The shrinking of expressions down to points and lines fills the issue with comedy and Leon reminds how powerful a person’s chin can be in expressing their attitude, despite the fact that we rarely see it used to this effect in comics. Brunello, especially, seems to carry his emotions in his chin and it’s delightful and evocative.

Interior art by Nico Leon and Ian Herring

Leon’s style for these scenes is all about pairing the quietly real with the loudly excessive and it really works for this age of overwrought hierarchy and performative heroism. Poses are dynamic and expressive and the backgrounds switch between minimalist and pastoral at a moment’s notice.

There are times where one has to wonder if the lack of backgrounds aren’t the result of Leon’s time management rather than his creative choices, but that’s fairly understandable. However, there are a couple of places where the action is less than clear, and one of them comes at a kind of critical moment.

Wilson doesn’t offer a lot of insight into Farak’s powers or any special abilities of his invading adversary, so when the climactic moment comes, it’s legible but lacking in context. It feels like a bit of a let down.

Ian Herring remains a fantastic and, to my eye, under appreciated part of this series. The contrasts between the two time periods are fantastic and must be laid at his feet as much as at Leon’s. His use of shade and soft lighting in the present day is phenomenal and the switch to the bright, home-dyed colors of the past works perfectly.

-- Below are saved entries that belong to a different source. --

Lemma gain_phase_le N (u v : 'cV[C]_N) phi :
  unimodular u -> unimodular v -> `|gain u v (phase_mx phi)| <= N%:R.
Proof.
move=> u1 v1; rewrite gain_phaseE; apply: le_trans (ler_norm_sum _ _ _) _.
rewrite (eq_bigr (fun _ => 1)) ?sumr_const ?card_ord // => n _.
by rewrite !normrM u1 v1 norm_expj !mulr1.
Qed.

Definition steer_phase (dhat lam : R) K (th : R) (i : 'I_K) : R :=
  pi * ((2 * i.+1)%:R - K%:R - 1) * dhat * sin th / lam.

Lemma steerE (dhat lam : R) K (th : R) i :
  steer dhat lam K th i 0 = expj (steer_phase dhat lam th i).
Proof. by rewrite mxE. Qed.

Lemma steer_unimodular (dhat lam : R) K (th : R) : unimodular (steer dhat lam K th).
Proof. by move=> i; rewrite steerE norm_expj. Qed.

Lemma steer_gain_aligned (dhat lam : R) N (th th' : R) :
  exists phi, gain (steer dhat lam N th) (steer dhat lam N th') (phase_mx phi) = N%:R.
Proof.
exists (fun n => - (steer_phase dhat lam th n + steer_phase dhat lam th' n)).
rewrite gain_phaseE (eq_bigr (fun _ => 1)) ?sumr_const ?card_ord // => n _.
by rewrite !steerE !expjD opprD addrA subrr add0r addNr expj0.
Qed.

End SteeringGain.

Section RankOneChannel.
Variable R : realType.
Local Notation C := R[i].
Variables (N Mt Mr : nat) (a v : 'cV[C]_N) (Phi : 'M[C]_N).

Lemma gain_rank1_row (s : C) (c : 'cV[C]_Mt) :
  a^T *m Phi *m (s *: (v *m c^T)) = (s * gain a v Phi) *: c^T.
Proof.
by rewrite -scalemxAr mulmxA [a^T *m Phi *m v]mx11_scalar mul_scalar_mx scalerA.
Qed.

I will say that, for a story called “Silk Road”, the issue is a little light on saturation. The colors are more than bold enough themselves and the effect is not by any means unpleasant, but it feels like everything in the foreground gets toned down a little. Perhaps this is an effect to demonstrate the flashback or to contrast with the more digital feel of the modern age, but it’s still weird to see a khan’s daughter’s finest silks so muted.

Interior art by Nico Leon and Ian Herring


Despite a solicitation promising that “The next big step for KAMALA KHAN starts here” Ms. Marvel #36 isn’t really about next steps. It’s entirely possible that the tale that G. Willow Wilson weaves here will come back in big ways in Kamala’s future, but, in the here and now, it’s more of an opportunity to stop and think than a bold step forward. And that’s fine. There’s a lovely parable at the heart of Ms. Marvel #36, and it’s nice to have a solid one-and-done story these days. Nevertheless, it doesn’t really feel necessary.

If you’re excited to see a charming what-if scenario with a lovely moral, this will satisfy, but those looking for something more traditional or weighty might feel underwhelmed. Either way, it has the Ms. Marvel charm in spades but is held back by a couple of story choices that limit its impact. Ms. Marvel #36 has some striking art, a meaningful message, and all the polish and personality that a series this good guarantees, but it’s easily the least essential issue in a long while.

Ms. Marvel #36 is currently available in comic shops from Marvel Comics.